O Caribe também tem uma importância única para a cultura e história da Inglaterra. Um dos principais fluxos migratórios para o Reino Unido partiu da América Central. Depois da Segunda Guerra Mundial, o governo britânico incentivou a chegada de imigrantes de colônias e ex-colônias do seu império.

Uma lei aprovada pelo parlamento em 1948 criou o novo status de "cidadão do Reino Unido e colônias" para pessoas nascidas ou naturalizadas no Reino Unido ou em uma de suas colônias. O objetivo era encorpar a força de trabalho no país, bastante prejudicada pelas baixas da guerra.

Um dos principais fluxos de migração entre 1948 e 1971 se deu do Caribe para o Reino Unido. No total, foram quinhentas mil pessoas fazendo a travessia de um continente a outro. Eles ficaram conhecidos como a "Geração Windrush", nome do primeiro barco que deixou a Jamaica rumo à Inglaterra, com mais de 500 pessoas que buscavam uma nova vida.

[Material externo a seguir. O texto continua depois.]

Lemma toggleD1 x C : toggle x C :\ x = C :\ x.
Proof.
apply/setP => y; rewrite !inE; case: (eqVneq y x) => //= yx.
by rewrite in_toggle.
Qed.

Lemma toggleI x C A : x \notin A -> toggle x C :&: A = C :&: A.
Proof.
move=> xA; apply/setP => y; rewrite !inE.
case: (eqVneq y x) => [->|yx]; first by rewrite (negbTE xA) !andbF.
by rewrite in_toggle.
Qed.

Lemma sub_toggle x C A : x \notin A -> (A \subset toggle x C) = (A \subset C).
Proof.
move=> xA; apply/subsetP/subsetP => sub y yA.
  have yx : y != x by apply: contraNneq xA => <-.
  by rewrite -(in_toggle C yx) sub.
by rewrite in_toggle ?sub //; apply: contraNneq xA => <-.
Qed.

Lemma sign_toggle x C : (-1) ^+ #|toggle x C| = - (-1) ^+ #|C| :> int.
Proof.
rewrite /toggle; case: ifP => xC.
  by rewrite [in RHS](cardsD1 x C) xC add1n exprS mulN1r opprK.
by rewrite cardsU1 xC add1n exprS mulN1r.
Qed.

Lemma alt_sum_toggle_eq0 x P :
  (forall C, P (toggle x C) = P C) -> alt_sum P = 0.
Proof.
move=> Ptoggle.
have sumN : alt_sum P = - alt_sum P.
  rewrite {1}/alt_sum (reindex_inj (can_inj (toggleK x))) /=.
  by rewrite (eq_big _ _ Ptoggle (fun C _ => sign_toggle x C)) sumrN.
by apply/eqP; move/eqP: sumN; rewrite -subr_eq0 opprK -mulr2n mulrn_eq0.
Qed.

Lemma alt_sum_mem u v P :
    u != v -> (forall C, v \notin C -> P (toggle u C) = P C) ->
  alt_sum P = alt_sum [pred C | P C && (v \in C)].
Proof.
move=> uv Ptoggle; rewrite {1}/alt_sum (bigID (fun C => v \in C)) /=.
suff notin0 : alt_sum [pred C | P C && (v \notin C)] = 0.
  by move: notin0; rewrite /alt_sum => ->; rewrite addr0.
apply: (alt_sum_toggle_eq0 (x := u)) => C /=; rewrite in_toggle 1?eq_sym //.
by case: (boolP (v \in C)) => [|/Ptoggle ->]; rewrite ?andbF.
Qed.
End AlternatingSums.

Section Independence.
Variables (T : finType) (e : rel T).
Implicit Types (x y : T) (C S U UL : {set T}).

Lemma independentP C :
  reflect (forall x y, x \in C -> y \in C -> ~~ e x y) (independent e C).
Proof.
apply: (iffP forall_inP) => [indC x y xC yC | indC x xC].
  by move/forall_inP: (indC x xC); apply.
by apply/forall_inP => y; apply: indC.
Qed.

Lemma independent0 : independent e set0.
Proof. by apply/independentP => x y; rewrite inE. Qed.

Lemma card_le_alpha C : independent e C -> (#|C| <= alpha e)%N.
Proof. exact: (@leq_bigmax_cond _ (independent e) (fun C => #|C|)). Qed.

Definition indep_trace (B S : {set T}) : pred {set T} :=
  [pred C | independent e C && (C :&: B == S)].

Lemma g_alt_sum U UL S :
  g e U UL S = (S == set0)%:Z - alt_sum (indep_trace (U :\: UL) S).
Proof.
set P := indep_trace _ S.
have gjE j : gj e U UL j S = #|[set C | P C && (#|C| == j)]|.
  by apply: eq_card => C; rewrite !inE /= andbA andbAC.
rewrite /g (eq_bigr _ (fun j _ => congr2 _ erefl (congr1 Posz (gjE j)))).
rewrite sum_level_card => [|C /andP[/card_le_alpha //]].
have empty_term : \sum_(C | P C && (C == set0)) (-1) ^+ #|C| = (S == set0)%:Z.
  rewrite (eq_bigl (fun C => (C == set0) && P C)) => [|C]; last by rewrite andbC.
  rewrite big_mkcondr big_pred1_eq /P /indep_trace /=.
  rewrite independent0 set0I cards0 expr0 [set0 == S]eq_sym.
  by case: (S == set0).
rewrite /alt_sum [in RHS](bigID (fun C => C == set0)) /= empty_term opprD addNKr.
rewrite -sumrN; apply: eq_big => C; first by rewrite card_gt0.
by move=> /andP[_ /prednK <-]; rewrite exprS mulN1r opprK.
Qed.

Lemma independent_setD1 x C : symmetric e ->
  (forall y, e x y -> y \notin C) -> independent e C = independent e (C :\ x).
Proof.
move=> sym_e xC; apply/independentP/independentP => indC a b aC bC.
  by apply: indC; [move: aC | move: bC]; rewrite inE => /andP[].
case: (eqVneq a x) => [-> | ax].
  by apply/negP => /xC; rewrite bC.
case: (eqVneq b x) => [-> | bx].
  by apply/negP; rewrite sym_e => /xC; rewrite aC.
by apply: indC; rewrite !inE ?ax ?bx.
Qed.

Lemma independent_toggle x C : simple_graph e ->
  (forall y, e x y -> y \notin C) -> independent e (toggle x C) = independent e C.
Proof.
move=> [sym_e irr_e] xC; rewrite (independent_setD1 sym_e xC).
rewrite (@independent_setD1 x) ?toggleD1 // => y exy.
by rewrite in_toggle ?xC //; apply: contraTneq exy => ->; rewrite irr_e.
Qed.

Lemma leaf_adj_eq u y z : leaf e u -> e u y -> e u z -> y = z.
Proof.
move=> /cards1P[w Nu] uy uz.
have : y \in [set y | e u y] by rewrite inE.
have : z \in [set y | e u y] by rewrite inE.
by rewrite Nu !inE => /eqP -> /eqP ->.
Qed.

Lemma leaf_adj_exists u : leaf e u -> exists y, e u y.
Proof.
move=> /cards1P[y Nu]; exists y.
by have := set11 y; rewrite -Nu inE.
Qed.

Lemma nbhd0 : nbhd e set0 = set0.
Proof.
by apply/setP => x; rewrite !inE; apply/exists_inP => -[y]; rewrite inE.
Qed.
End Independence.

Section LeafReduction.
Variables (T : finType) (e : rel T) (U V UL : {set T}).
Hypotheses (simple_e : simple_graph e) (bip : bipartition e U V).
Hypotheses (UL_sub : UL \subset U) (UL_leaf : forall u, u \in UL -> leaf e u).
Hypothesis VW_UL : forall v, v \in VW e V -> #|[set u in UL | e v u]| = 1%N.
Implicit Types (x y : T) (A B C S : {set T}).

Local Notation W := (VW e V).
Local Notation Ub := (U :\: UL).

Lemma memU_V x : (x \in U) = (x \notin V).
Proof.
case: bip => UV UIV _; apply/idP/idP => [xU | xV].
  by apply/negP => xV; move/setP/(_ x): UIV; rewrite !inE xU xV.
by move/setP/(_ x): UV; rewrite !inE (negbTE xV) orbF => ->.
Qed.

Lemma edge_memV x y : e x y -> (y \in V) = (x \in U).
Proof.
case: bip => _ _ /[apply] /orP[/andP[xU yV] | /andP[xV yU]].
  by rewrite xU yV.
by rewrite memU_V xV -[y \in V]negbK -memU_V yU.
Qed.

Lemma U_independent x y : x \in U -> y \in U -> ~~ e x y.
Proof.
by move=> xU yU; apply/negP => /edge_memV; rewrite xU -[y \in V]negbK -memU_V yU.
Qed.

Lemma V_independent x y : x \in V -> y \in V -> ~~ e x y.
Proof. by move=> xV yV; apply/negP => /edge_memV; rewrite yV memU_V xV. Qed.

Lemma VW_subV : W \subset V.
Proof. by apply/subsetP => x; rewrite inE => /andP[]. Qed.

Lemma UL_notin_V u : u \in UL -> u \notin V.
Proof. by move=> /(subsetP UL_sub); rewrite memU_V. Qed.

Lemma UL_adj_VW u y : u \in UL -> e u y -> y \in W.
Proof.
move=> uUL euy; rewrite inE (edge_memV euy) (subsetP UL_sub) //=.
by apply/existsP; exists u; rewrite simple_e.1 euy UL_leaf.
Qed.

Lemma VW_leaf_partner v : v \in W -> exists2 u, u \in UL & e v u.
Proof.
move=> /VW_UL/eqP/cards1P[u partner].
have : u \in [set u] by rewrite inE.
by rewrite -partner inE => /andP[]; exists u.
Qed.

Definition indep_trace_VW S : pred {set T} :=
  [pred C | indep_trace e Ub S C && (W \subset C)].

Lemma alt_sum_indep_trace_VW S :
  alt_sum (indep_trace e Ub S) = alt_sum (indep_trace_VW S).
Proof.
suff contains_seq s : {subset s <= W} -> alt_sum (indep_trace e Ub S)
    = alt_sum [pred C | indep_trace e Ub S C && ([set:: s] \subset C)].
  by rewrite (contains_seq (enum W)) ?set_enum // => x; rewrite mem_enum.
elim: s => [_ | v s IHs sub_vs].
  by apply: eq_bigl => C; rewrite /= set_nil sub0set andbT.
have vW : v \in W by apply: sub_vs; rewrite mem_head.
have [u uUL evu] := VW_leaf_partner vW.
have uNv : u != v.
  by apply: contraNneq (UL_notin_V uUL) => ->; apply: (subsetP VW_subV).
rewrite IHs => [|x xs]; last by apply: sub_vs; rewrite inE xs orbT.
rewrite (alt_sum_mem uNv) => [|C vC]; last first.
  have euv : e u v by rewrite simple_e.1.
  have u_nbhd y : e u y -> y \notin C.
    by move/(leaf_adj_eq (UL_leaf uUL) euv) <-.
  have uNUb : u \notin Ub by rewrite inE uUL.
  have uNs : u \notin [set:: s].
    apply: contra (UL_notin_V uUL); rewrite inE => us.
    by apply: (subsetP VW_subV); apply: sub_vs; rewrite inE us orbT.
  by rewrite /= /indep_trace /= independent_toggle // toggleI // sub_toggle.
by apply: eq_bigl => C; rewrite /= set_cons subUset sub1set andbAC andbA.
Qed.

Lemma nbhd_subV S x : S \subset U -> x \in nbhd e S -> x \in V.
Proof.
by move=> SU; rewrite inE => /exists_inP[y yS /edge_memV ->]; apply: (subsetP SU).
Qed.

Lemma setI_UV A B : A \subset U -> B \subset V -> A :&: B = set0.
Proof.
move=> AU BV; apply/setP => x; rewrite !inE; apply/andP => -[xA xB].
by move: (subsetP AU x xA); rewrite memU_V (subsetP BV x xB).
Qed.

Lemma indep_trace_VW_capU S C x :
  indep_trace_VW S C -> x \in C -> x \in U -> x \in S.
Proof.
move=> /andP[/andP[indC /eqP <-] WC] xC xU; rewrite !inE xC xU andbT.
apply/negP => /[dup] xUL /UL_leaf/leaf_adj_exists[y exy].
have yC : y \in C by apply: (subsetP WC); apply: UL_adj_VW exy.
by move/independentP: indC => /(_ x y xC yC); rewrite exy.
Qed.

Lemma independent_setU_VW S : S \subset U -> nbhd e S = V :\: W ->
  independent e (S :|: W).
Proof.
move=> SU NS; have SW s w : s \in S -> w \in W -> ~~ e s w.
  move=> sS wW; apply/negP => esw.
  have : w \in nbhd e S by rewrite inE; apply/exists_inP; exists s.
  by rewrite NS inE wW.
apply/independentP => x y; rewrite !in_setU => /orP[xS|xW] /orP[yS|yW].
- by apply: U_independent; apply: (subsetP SU).
- exact: SW.
- by rewrite simple_e.1; apply: SW.
- by apply: V_independent; apply: (subsetP VW_subV).
Qed.

Lemma indep_trace_VW_eq S C : S \subset Ub -> nbhd e S = V :\: W ->
  indep_trace_VW S C = (C == S :|: W).
Proof.
move=> SUb NS; have SU : S \subset U := subset_trans SUb (subsetDl _ _).
apply/idP/eqP => [PC | ->]; last first.
  rewrite /indep_trace_VW /indep_trace /= independent_setU_VW // subsetUr andbT.
  by rewrite setIUl (setIidPl SUb) setIC setI_UV ?setU0 ?eqxx ?subsetDl ?VW_subV.
have [/andP[indC /eqP CUb] WC] := andP PC.
apply/eqP; rewrite eqEsubset subUset WC -{2}CUb subsetIl !andbT.
apply/subsetP => x xC; rewrite inE.
case: (boolP (x \in U)) => [xU | ]; first by rewrite (indep_trace_VW_capU PC).
rewrite memU_V negbK => xV; apply/orP; right; apply: contraT => xNW.
have : x \in nbhd e S by rewrite NS inE xNW.
rewrite inE => /exists_inP[s sS esx].
have sC : s \in C by rewrite -CUb inE in sS; case/andP: sS.
by move/independentP: indC => /(_ s x sC xC); rewrite esx.
Qed.

Lemma alt_sum_indep_trace_VW_adj S x : x \in W -> x \in nbhd e S ->
  alt_sum (indep_trace_VW S) = 0.
Proof.
move=> xW; rewrite inE => /exists_inP[s sS esx]; apply: big_pred0 => C.
apply/negP => /andP[/andP[/independentP indC /eqP CUb] WC].
have sC : s \in C by rewrite -CUb inE in sS; case/andP: sS.
by have := indC s x sC (subsetP WC x xW); rewrite esx.
Qed.

Lemma alt_sum_indep_trace_VW_free S x :
  x \in V -> x \notin W -> x \notin nbhd e S -> alt_sum (indep_trace_VW S) = 0.
Proof.
move=> xV xNW xNS; apply: (alt_sum_toggle_eq0 (x := x)) => C.
have xNUb : x \notin Ub by rewrite inE negb_and memU_V xV orbT.
rewrite /indep_trace_VW /indep_trace /= toggleI // sub_toggle //.
case: (boolP (C :&: Ub == S)) => [/eqP CUb | ]; last by rewrite !andbF.
rewrite independent_toggle // => y exy; apply/negP => yC.
have yU : y \in U by rewrite memU_V (edge_memV exy) memU_V xV.
have eyx : e y x by rewrite simple_e.1.
case: (boolP (y \in UL)) => [yUL | yNUL].
  by rewrite (UL_adj_VW yUL eyx) in xNW.
have yS : y \in S by rewrite -CUb !inE yC yNUL yU.
by move: xNS; rewrite inE => /exists_inP; apply; exists y.
Qed.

Os imigrantes receberam autorização para permanecer no Reino Unido e levaram consigo os valores culturais de seus respectivos países, o que transformaria a sociedade inglesa a partir daí. A população do Reino Unido nascida na Jamaica expandiu de 6 mil para 100 mil pessoas entre 1951 e 1961, de acordo com estudo do Instituto de Estatísticas Nacionais.

Já a partir da década de 1970, milhares de imigrantes deixaram a África à procura de melhores condições de vida. O Reino Unido receberia um grande número de pessoas de países ex-colônias do Império Britânico como África do Sul, Nigéria, Gana, Zimbábue, Quênia, Tanzânia, entre outros.

O atacante Marcus Rashford, autor de três gols ingleses na Copa do Catar, tem parentes da pequena ilha caribenha de São Cristóvão e Neves. Já o atacante Raheem Sterling nasceu na Jamaica, país que Kalvin Phillips, Kyle Walker e Callum Wilson também compartilham ascendência.

Assim como Mbappé, jogadores da seleção inglesa foram alvos de ataques racistas à época da Eurocopa. Os alvos dos insultos foram Rashford, Saka e Sancho — somente o último não está no Catar.

Os três atacantes desperdiçaram suas cobranças na disputa de pênaltis que deu o título para a Itália. Além de Rashford, Saka é outro destaque da boa campanha da Inglaterra no Mundial até o momento.

A França encara a Polônia neste domingo, às 12h, por uma vaga nas quartas de final da Copa do Mundo. Mais tarde, às 16h, é a vez da Inglaterra medir forças com os Estados Unidos para ver quem avança no Mundial do Catar.